Establishment and validation of a heart failure risk prediction model for elderly patients after coronary rotational atherectomy based on machine learning

Research subject

This study is a retrospective cohort study, in which 303 elderly patients with severe coronary calcification were selected consecutively as the study subjects, and the time span is from June 2017 to June 2021. These patients were hospitalized in the Department of Cardiology of a tertiary hospital in Anhui Province, China and underwent CRA. Inclusion criteria of research subjects: (1) Over 60 years old. (2) All patients met the indications for CRA treatment, patient or family members have signed the informed consent form for the surgery. (3) Diagnosed with coronary intimal calcification at grade IV, with strong echoic masses along the vessel wall and a maximum calcification arc of >270°, as confirmed by intravascular ultrasound examination. Exclusion criteria of research subjects: (1) Presence of ulcerative or thrombotic lesions that can be exacerbated by rotational atherectomy. (2) Presence of chronic occlusive lesions. (3) Severe mental illness and inability to communicate normally. (4) Lesions that are prone to thrombosis and embolism, such as degenerative saphenous vein bridge lesions. (5) Presence of intimal tearing lesions that can be worsened by rotational atherectomy. (6) Severe angulation (>60°) lesions. (7) Acute myocardial infarction in the acute phase (≤7 days). (8) Severe functional impairment of vital organs such as liver, lungs, kidneys, etc. The standard for coronary artery calcification lesions is that after completing coronary angiography, the stenosis of blood vessel diameter exceeds 50% and the reference diameter is greater than or equal to 1.5 millimeters (Zhengwei et al., 2023).

Data collection

Retrospective collection of postoperative clinical data of the research subjects through the Hospital information system (HIS).
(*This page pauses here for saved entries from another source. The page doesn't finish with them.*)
Lemma is_correspondence_swap b g s :
  is_correspondence b g s -> is_correspondence g b (swap_corr s).
Proof.
case=> s_blocks s_sorted; split; last by rewrite map_fst_swap map_snd_swap; case: s_sorted.
by move=> q /mapP[p /s_blocks [? ?] ->].
Qed.

Section OneCorrespondence.
Variables (b g : T) (s : pairs).
Hypothesis s_corr : is_correspondence b g s.

Lemma corr_proper_fst : all (@proper_block R) (map fst s).
Proof.
apply/allP => U /mapP[p /(proj1 s_corr) [bp _] ->].
by have [_ [? _]] := ip_block_bounds (Ialpha_partition b) bp.
Qed.

Lemma corr_pairwise_fst : pairwise (@block_lt R) (map fst s).
Proof. by rewrite -sorted_block_lt_pairwise ?corr_proper_fst //; case: s_corr => _ []. Qed.

Lemma corr_uniq_fst : uniq (map fst s).
Proof. exact: pairwise_block_lt_uniq corr_proper_fst corr_pairwise_fst. Qed.

Lemma corr_sum_fst_le : \sum_(p <- s) Leb p.1 <= IPlen b.
Proof.
rewrite -(big_map fst xpredT); apply: (ip_sum_Leb_le (Ialpha_partition b) corr_uniq_fst).
by move=> U /mapP[p /(proj1 s_corr) [? _] ->].
Qed.

Lemma defect_ge0 : 0 <= defect (IPlen b) s.
Proof. by have := mismatch_ge0 s; have := corr_sum_fst_le; rewrite /defect; lra. Qed.

End OneCorrespondence.

Lemma corr_pairwise_snd b g s :
  is_correspondence b g s -> pairwise (@block_lt R) (map snd s).
Proof. by move=> /is_correspondence_swap/corr_pairwise_fst; rewrite map_fst_swap. Qed.

Lemma corr_uniq_snd b g s : is_correspondence b g s -> uniq (map snd s).
Proof. by move=> /is_correspondence_swap/corr_uniq_fst; rewrite map_fst_swap. Qed.

Lemma distortion_ge0 b g s : is_correspondence b g s -> 0 <= distortion b g s.
Proof. by move=> /defect_ge0; rewrite distortionE !le_max => ->. Qed.

Lemma d_alpha_le b g s : is_correspondence b g s -> d_alpha b g <= distortion b g s.
Proof.
move=> s_corr; apply: ge_inf; last by exists s.
by exists 0 => _ [s' [/distortion_ge0 ? ->]].
Qed.

Lemma d_alpha_ge b g x :
  (forall s, is_correspondence b g s -> x <= distortion b g s) -> x <= d_alpha b g.
Proof.
move=> x_le; apply: lb_le_inf; last by move=> _ [s [/x_le ? ->]].
by exists (distortion b g [::]), [::].
Qed.

Lemma d_alpha_ge0 b g : 0 <= d_alpha b g.
Proof. by apply: d_alpha_ge => s /distortion_ge0. Qed.

Lemma d_alpha_lt b g e : d_alpha b g < e ->
  exists2 s, is_correspondence b g s & distortion b g s < e.
Proof.
have nonempty : [set x | exists s, is_correspondence b g s /\ x = distortion b g s] !=set0.
  by exists (distortion b g [::]), [::].
by move=> /(inf_lt nonempty) [_ [s [s_corr ->]] ?]; exists s.
Qed.

Lemma d_alpha_sym b g : d_alpha b g = d_alpha g b.
Proof.
rewrite /d_alpha; congr inf; apply/seteqP; split => _ [s [s_corr ->]];
  exists (swap_corr s); split; rewrite ?distortion_swap //; exact: is_correspondence_swap.
Qed.

End Correspondences.

Section Composition.
Variables (R : realType) (alpha : R).
Local Notation T := (Ialpha alpha).
Local Notation pairs := (seq ((R * R) * (R * R))).
Implicit Types (b g h : T) (s : pairs) (U V W : R * R).

Lemma pairwise_snd_mono s V W V' W' :
  all (@proper_block R) (map fst s) ->
  pairwise (@block_lt R) (map fst s) -> pairwise (@block_lt R) (map snd s) ->
  (V, W) \in s -> (V', W') \in s -> block_lt V V' -> block_lt W W'.
Proof.
elim: s => //= -[P Q] s IHs /andP[P_proper s_proper] /andP[/allP P_fst s_fst].
move=> /andP[/allP Q_snd s_snd]; rewrite !in_cons !xpair_eqE.
case/orP => [/andP[/eqP-> /eqP->]|VWs]; case/orP => [/andP[/eqP-> /eqP->]|VW's].
- by rewrite (negbTE (block_lt_irrefl P_proper)).
- by move=> _; apply: Q_snd; exact: (map_f snd VW's).
- move: P_proper (P_fst V (map_f fst VWs)) (allP s_proper V (map_f fst VWs)).
  by rewrite /proper_block /block_lt /= => *; exfalso; lra.
- exact: IHs.
Qed.

Definition partner s V : option (R * R) := ohead [seq p.2 | p <- s & p.1 == V].

Lemma partner_mem s V W : partner s V = Some W -> (V, W) \in s.
Proof.
rewrite /partner; case E: [seq _ | _ <- _ & _] => [|W' ws] //= [<-].
have /mapP[p] : W' \in [seq p.2 | p <- s & p.1 == V] by rewrite E mem_head.
by rewrite mem_filter => /andP[/eqP <- ps] ->; rewrite -surjective_pairing.
Qed.

Lemma partner_uniq s V W : uniq (map fst s) -> (V, W) \in s -> partner s V = Some W.
Proof.
elim: s => //= p s IHs /andP[p_new s_uniq]; rewrite in_cons.
case/orP => [/eqP <-|VWs]; first by rewrite /partner /= eqxx.
have pV : p.1 != V by apply: contraNneq p_new => ->; exact: (map_f fst VWs).
by rewrite /partner /= (negbTE pV); exact: IHs.
Qed.

Definition composable s2 (p : (R * R) * (R * R)) : bool := partner s2 p.2 != None.
(* The default [p.2] only occurs on pairs that are not composable, which [compose] drops. *)
Definition link s2 (p : (R * R) * (R * R)) : R * R := odflt p.2 (partner s2 p.2).
Definition compose s1 s2 : pairs := [seq (p.1, link s2 p) | p <- s1 & composable s2 p].

Lemma link_mem s2 p : composable s2 p -> (p.2, link s2 p) \in s2.
Proof. by rewrite /composable /link; case E: partner => [W|] //= _; exact: partner_mem. Qed.

Lemma big_compose (F : (R * R) * (R * R) -> R) s1 s2 :
  \sum_(x <- compose s1 s2) F x = \sum_(p <- s1 | composable s2 p) F (p.1, link s2 p).
Proof. by rewrite big_map big_filter. Qed.

Lemma mem_compose s1 s2 x : uniq (map fst s2) ->
  reflect (exists V, (x.1, V) \in s1 /\ (V, x.2) \in s2) (x \in compose s1 s2).
Proof.
move=> s2_uniq; apply: (iffP mapP) => [[p] | [V [xV Vx]]].
  rewrite mem_filter => /andP[p_comp ps] -> /=; exists p.2.
  by rewrite -surjective_pairing; split => //; exact: link_mem.
have pV := partner_uniq s2_uniq Vx.
exists (x.1, V); first by rewrite mem_filter xV /composable /= pV.
by rewrite /link /= pV -surjective_pairing.
Qed.

Lemma uniq_compose s1 s2 : uniq (map fst s1) -> uniq (map fst (compose s1 s2)).
Proof. by rewrite -map_comp; apply: subseq_uniq; rewrite map_subseq ?filter_subseq. Qed.

Lemma compose_swap s1 s2 :
  uniq (map fst s1) -> uniq (map snd s1) -> uniq (map fst s2) -> uniq (map snd s2) ->
  perm_eq (swap_corr (compose s1 s2)) (compose (swap_corr s2) (swap_corr s1)).
Proof.
move=> s1_fst s1_snd s2_fst s2_snd.
apply: uniq_perm => [||x].
- by apply: (@map_uniq _ _ snd); rewrite map_snd_swap; exact: uniq_compose.
- by apply: (@map_uniq _ _ fst); apply: uniq_compose; rewrite map_fst_swap.
have s1'_fst : uniq (map fst (swap_corr s1)) by rewrite map_fst_swap.
rewrite mem_swap; apply/(mem_compose _ _ s2_fst)/(mem_compose _ _ s1'_fst).
  by case=> V [xV Vx]; exists V; rewrite !mem_swap.
by case=> V; rewrite !mem_swap => -[Vx xV]; exists V.
Qed.

Lemma div_gap_compose_le b g h s1 s2 : uniq (map fst s2) ->
  div_gap b h (compose s1 s2) <= div_gap b g s1 + div_gap g h s2.
Proof.
move=> s2_uniq; rewrite /div_gap big_seq.
apply: bigmax_le => [|x]; first by rewrite addr_ge0 ?bigmax_ge_id.
case/(mem_compose _ _ s2_uniq) => V [xV Vx].
apply: le_trans (ler_distD (DivU g V) _ _) _; apply: lerD.
  exact: (le_bigmax_seq _ _ xpredT (fun p => `|DivU b p.1 - DivU g p.2|) xV).
exact: (le_bigmax_seq _ _ xpredT (fun p => `|DivU g p.1 - DivU h p.2|) Vx).
Qed.

Section TwoCorrespondences.
Variables (b g h : T) (s1 s2 : pairs).
Hypotheses (s1_corr : is_correspondence b g s1) (s2_corr : is_correspondence g h s2).

Lemma is_correspondence_compose : is_correspondence b h (compose s1 s2).
Proof.
split; [|split].
- move=> x /mapP[p /[!mem_filter] /andP[p_comp ps] ->] /=; split.
    by have [] := proj1 s1_corr p ps.
  by have [] := proj1 s2_corr _ (link_mem p_comp).
- apply/pairwise_sorted; rewrite -map_comp.
  by apply: subseq_pairwise (corr_pairwise_fst s1_corr); rewrite map_subseq ?filter_subseq.
- apply/pairwise_sorted; rewrite -map_comp pairwise_map.
  have : pairwise (relpre snd (@block_lt R)) [seq p <- s1 | composable s2 p].
    rewrite -pairwise_map; apply: subseq_pairwise (corr_pairwise_snd s1_corr).
    by rewrite map_subseq ?filter_subseq.
  apply: (sub_in_pairwise (P := mem [seq p <- s1 | composable s2 p])); last by apply/allP.
  move=> p q /[!mem_filter] /andP[p_comp _] /andP[q_comp _] /=.
  apply: pairwise_snd_mono (link_mem p_comp) (link_mem q_comp).
  + exact: corr_proper_fst s2_corr.
  + exact: corr_pairwise_fst s2_corr.
  + exact: corr_pairwise_snd s2_corr.
Qed.

Lemma mismatch_compose_le : mismatch (compose s1 s2) <=
  \sum_(p <- s1 | composable s2 p) `|Leb p.1 - Leb p.2| + mismatch s2.
Proof.
rewrite /mismatch big_compose; set c := composable s2.
apply: le_trans (_ : \sum_(p <- s1 | c p)
  (`|Leb p.1 - Leb p.2| + `|Leb p.2 - Leb (link s2 p)|) <= _).
  by apply: ler_sum => p _; exact: ler_distD.
rewrite big_split lerD2l /= -big_filter -(big_map (fun p => (p.2, link s2 p)) xpredT
  (fun q => `|Leb q.1 - Leb q.2|)).
apply: ler_sum_subset => [||q|q]; rewrite ?normr_ge0 //.
- apply: (@map_uniq _ _ fst); rewrite -map_comp.
  by apply: subseq_uniq (corr_uniq_snd s1_corr); rewrite map_subseq ?filter_subseq.
- exact: map_uniq (corr_uniq_fst s2_corr).
- by case/mapP => p /[!mem_filter] /andP[p_comp _] ->; exact: link_mem.
Qed.

Lemma unmatched_snd_sum_le :
  \sum_(p <- s1 | ~~ composable s2 p) Leb p.2 + \sum_(q <- s2) Leb q.1 <= IPlen g.
Proof.
rewrite -big_filter -(big_map snd xpredT Leb) -(big_map fst xpredT Leb) -big_cat.
apply: (ip_sum_Leb_le (Ialpha_partition g)).
  rewrite cat_uniq (corr_uniq_fst s2_corr) andbT; apply/andP; split.
    by apply: subseq_uniq (corr_uniq_snd s1_corr); rewrite map_subseq ?filter_subseq.
  apply/hasPn => V /mapP[q qs ->]; apply/mapP => -[p /[!mem_filter] /andP[+ _] qp].
  have qs' : (q.1, q.2) \in s2 by rewrite -surjective_pairing.
  by rewrite /composable -qp (partner_uniq (corr_uniq_fst s2_corr) qs').
move=> V /[!mem_cat] /orP[] /mapP[p].
  by rewrite mem_filter => /andP[_ /(proj1 s1_corr) [_ ?]] ->.
by move=> /(proj1 s2_corr) [? _] ->.
Qed.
The data included gender, age, complications (chronic renal insufficiency, ischemic cardiomyopathy, cerebrovascular disease, hypertension, diabetes), left ventricular ejection fraction (LVEF), N-terminal pro brain natriuretic peptide (NT-proBNP), serum creatinine, fasting blood glucose, Glycated hemoglobin, preoperative creatine kinase isoenzymes (CK-MB), preoperative troponin, hemoglobin, total cholesterol (TC), triglyceride (TG), low density lipoprotein cholesterol (LDL-C) and very low-density lipoprotein cholesterol (VLDL-C), 19 indicators in total. Calculated the incidence of postoperative heart failure in subjects, refer to the diagnostic criteria in the “Chinese Guidelines for the Diagnosis and Treatment of Heart Failure 2018”, Jianjun (2019) and diagnosed heart failure patients through NYHA grading, cardiac ultrasound, and other examinations. According to the occurrence of postoperative heart failure, the study subjects were divided into two groups, with 53 cases in the heart failure group and 250 cases in the non-heart failure group. This study was approved by the Medical Research Ethics Committee of the First Affiliated Hospital of University of Science and Technology of China (approval number: 2021-RE-026). Due to the retrospective nature of the study, the informed consent of the study object was exempted.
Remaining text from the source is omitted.